UAE :REmap report findings 2030 highlight economic opportunities WAM + NewBase

REmap report 2030, issued by the International Renewable Energy Agency (IRENA), in cooperation with both Masdar and the Directorate of Energy and Climate Change at the Ministry of Foreign Affairs, has revealed that the pricing of solar energy in the UAE has become equivalent to the pricing of energy models based on oil and gas, a move that will give a momentum to shift towards solar energy in the UAE and impact economic feasibility and make the alternative energy commercially attractive.
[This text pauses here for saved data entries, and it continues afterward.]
Lemma sandwich_add f g c d m :
  sandwich f c m -> sandwich g d m -> sandwich (fun N => f N + g N)%nat (c + d) m.
Proof.
move=> [c0 [D1 D10 fD]] [d0 [D2 D20 gD]]; split; first lra.
exists (D1 + D2) => [|N]; first lra.
have [f_lb f_ub] := fD N; have [g_lb g_ub] := gD N; have N0 := pos_INR N.
have := scale_pow_le m c0 (Rmax0_le (ltac:(lra) : INR N - (D1 + D2) <= INR N - D1)).
have := scale_pow_le m d0 (Rmax0_le (ltac:(lra) : INR N - (D1 + D2) <= INR N - D2)).
have := scale_pow_le m c0 (ltac:(lra) : 0 <= INR N + D1 <= INR N + (D1 + D2)).
have := scale_pow_le m d0 (ltac:(lra) : 0 <= INR N + D2 <= INR N + (D1 + D2)).
rewrite plus_INR !Rmult_plus_distr_r; lra.
Qed.

Lemma sandwich_stride_sum h a c m : (0 < a)%nat -> sandwich h c m ->
  sandwich (stride_sum a h) (c / (INR a * INR m.+1)) m.+1.
Proof.
move=> a_gt0 [c0 [D D0 hD]].
have K0 : 0 <= c / (INR a * INR m.+1).
  by apply: Rdiv_le_0_compat => //; apply: Rmult_lt_0_compat; apply: INR_gt0.
split=> //; exists (D + INR a) => [|N]; first by have := pos_INR a; lra.
split; last by rewrite -Rplus_assoc; apply: stride_sum_ub => // n; case: (hD n).
apply: Rle_trans (stride_sum_lb a_gt0 c0 D0 (fun n => proj1 (hD n)) N).
by apply: scale_pow_le => //; apply: Rmax0_le; have := pos_INR a; lra.
Qed.

Lemma sandwich_shift f c a m : sandwich f c m.+1 ->
  sandwich (fun N => if (a <= N)%nat then f (N - a)%nat else 0%nat) c m.+1.
Proof.
move=> [c0 [D D0 fD]]; split => //.
have a0 := pos_INR a; exists (D + INR a) => [|N]; first lra.
case: ifP => aN.
  have [f_lb f_ub] := fD (N - a)%nat; rewrite INR_subn // in f_lb f_ub.
  have aNR : INR a <= INR N by apply: le_INR; apply/leP.
  split; first by replace (INR N - (D + INR a)) with (INR N - INR a - D) by ring.
  by apply: Rle_trans f_ub _; apply: scale_pow_le => //; lra.
have Na : INR N < INR a by apply: lt_INR; apply/ltP; rewrite ltnNge aN.
rewrite Rmax_left ?pow_i; [|lia|lra]; change (INR 0) with 0; split; first lra.
by apply: Rmult_le_pos => //; apply: pow_le; have := pos_INR N; lra.
Qed.

Lemma sandwich_stride_wsum h a c m : (0 < a)%nat -> sandwich h c m ->
  sandwich (stride_wsum a h) (c / (INR a * INR m.+1) / (INR a * INR m.+2)) m.+2.
Proof.
move=> a_gt0 hc; apply: (sandwich_ext (fun N => esym (stride_wsumE a_gt0 h N))).
exact: sandwich_shift (sandwich_stride_sum a_gt0 (sandwich_stride_sum a_gt0 hc)).
Qed.

Definition prodR (A : seq nat) : R := foldr (fun a p => INR a * p) 1 A.
Definition sum_invR (A : seq nat) : R := foldr (fun a s => / INR a + s) 0 A.

Lemma leading_constE A : leading_const A = / INR (size A)`! * sum_invR A / prodR A.
Proof. by []. Qed.

Lemma prodR_gt0 A : all (fun a => 0 < a)%nat A -> 0 < prodR A.
Proof.
elim: A => [|a A IH] /=; first lra.
by case/andP=> /INR_gt0 a0 /IH; rewrite /prodR /=; nra.
Qed.

Lemma sum_invR_ge0 A : all (fun a => 0 < a)%nat A -> 0 <= sum_invR A.
Proof.
elim: A => [|a A IH] /=; first by rewrite /sum_invR /=; lra.
case/andP=> /INR_gt0/Rinv_0_lt_compat a0 /IH; rewrite /sum_invR /=; lra.
Qed.

Lemma leading_const_gt0 a A : all (fun a => 0 < a)%nat (a :: A) -> 0 < leading_const (a :: A).
Proof.
move=> A_gt0; have P0 := prodR_gt0 A_gt0.
have F0 := Rinv_0_lt_compat _ (INR_gt0 (fact_gt0 (size (a :: A)))).
case/andP: A_gt0 => /INR_gt0/Rinv_0_lt_compat a0 /sum_invR_ge0 S0.
rewrite leading_constE; apply: Rdiv_lt_0_compat => //; apply: Rmult_lt_0_compat => //.
by change (sum_invR (a :: A)) with (/ INR a + sum_invR A); lra.
Qed.

Lemma sandwich_count_le A : all (fun a => 0 < a)%nat A ->
  sandwich (count_le A) (/ (INR (size A)`! * prodR A)) (size A).
Proof.
elim: A => [|a A IH].
  move=> _; rewrite /prodR /= Rmult_1_r Rinv_1; split; first lra.
  by exists 0 => [|N]; rewrite /=; lra.
case/andP=> a_gt0 A_gt0; have := sandwich_stride_sum a_gt0 (IH A_gt0).
have a0 := INR_gt0 a_gt0; have P0 := prodR_gt0 A_gt0.
have k0 := INR_gt0 (ltn0Sn (size A)); have F0 := INR_gt0 (fact_gt0 (size A)).
change (size (a :: A)) with (size A).+1; change (prodR (a :: A)) with (INR a * prodR A).
by congr sandwich; rewrite (factS (size A)) mult_INR; field; lra.
Qed.

Lemma sandwich_parts_le A : all (fun a => 0 < a)%nat A ->
  sandwich (parts_le A) (leading_const A / INR (size A).+1) (size A).+1.
Proof.
elim: A => [|a A IH].
  move=> _; have -> : leading_const [::] / INR 1 = 0 by rewrite /leading_const /=; field.
  by split; [lra | exists 0 => [|N]; rewrite ?Rmult_0_l /=; lra].
case/andP=> a_gt0 A_gt0.
have := sandwich_add (sandwich_stride_wsum a_gt0 (sandwich_count_le A_gt0))
  (sandwich_stride_sum a_gt0 (IH A_gt0)).
have a0 := INR_gt0 a_gt0; have P0 := prodR_gt0 A_gt0.
have k0 := INR_gt0 (ltn0Sn (size A)); have k1 := INR_gt0 (ltn0Sn (size A).+1).
have F0 := INR_gt0 (fact_gt0 (size A)).
change (size (a :: A)) with (size A).+1; congr sandwich; rewrite !leading_constE.
change (size (a :: A)) with (size A).+1; change (prodR (a :: A)) with (INR a * prodR A).
change (sum_invR (a :: A)) with (/ INR a + sum_invR A).
by rewrite (factS (size A)) mult_INR; field; lra.
Qed.

(** * Increments of a quasi-monotone sequence *)

Lemma Rdiv_pow x y k : y <> 0 -> (x / y) ^ k = x ^ k / y ^ k.
Proof. by move=> y0; rewrite /Rdiv Rpow_mult_distr pow_inv. Qed.

Lemma is_lim_seq_pow u (l : R) k : is_lim_seq u l -> is_lim_seq (fun n => u n ^ k) (l ^ k).
Proof.
by move=> ul; elim: k => [|k IH]; [exact: is_lim_seq_const | exact: is_lim_seq_mult' _ _ _ _ ul IH].
Qed.

Lemma is_lim_seq_one_plus_pow u v k : is_lim_seq u 0 -> is_lim_seq v 0 ->
  is_lim_seq (fun n => (1 + u n) * (1 + v n) ^ k) 1.
Proof.
move=> u0 v0; have one := is_lim_seq_const 1.
have := is_lim_seq_mult' _ _ _ _ (is_lim_seq_plus' _ _ _ _ one u0)
  (is_lim_seq_pow (k := k) (is_lim_seq_plus' _ _ _ _ one v0)).
by rewrite Rplus_0_r pow1 Rmult_1_r.
Qed.

Lemma is_lim_seq_opp0 u : is_lim_seq u 0 -> is_lim_seq (fun n => - u n) 0.
Proof. by move=> u0; rewrite -[0]Ropp_0; apply: (proj1 (is_lim_seq_opp u 0)). Qed.

Lemma is_lim_seq_sqrt : is_lim_seq (fun n => INR (Nat.sqrt n)) p_infty.
Proof.
apply/is_lim_seq_spec => M; have [m Mm] := INR_archimed 1 M Rlt_0_1.
exists (m * m)%nat => n /Nat.sqrt_le_square mn.
by apply: Rlt_le_trans (le_INR _ _ mn); lra.
Qed.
The report added that the sun is the most important source of renewable energy in the UAE, pointing out that various forms of solar energy will account for 90 percent of renewable energy usage.

The Renewable Energy Map, REmap, presents the findings of the first study of

its kind dealing with potential of renewable energy at the national, regional and international levels.

Rapidly increasing natural gas prices and decreasing renewable energy costs are the main drivers for this shift. As recently as 2010, natural gas was available in the UAE at less than USD 2 per million British thermal units (MBtu).

Today, marginal import prices are in the range of USD 9-18/MBtu, even after accounting for the potentially

temporary price decline of late 2014 and early 2015. New domestic gas production is approaching USD 8/MBtu in cost and is insufficient to limit growing

import requirements. By contrast, local solar photovoltaic (PV) module prices have fallen around 75 percent since 2008.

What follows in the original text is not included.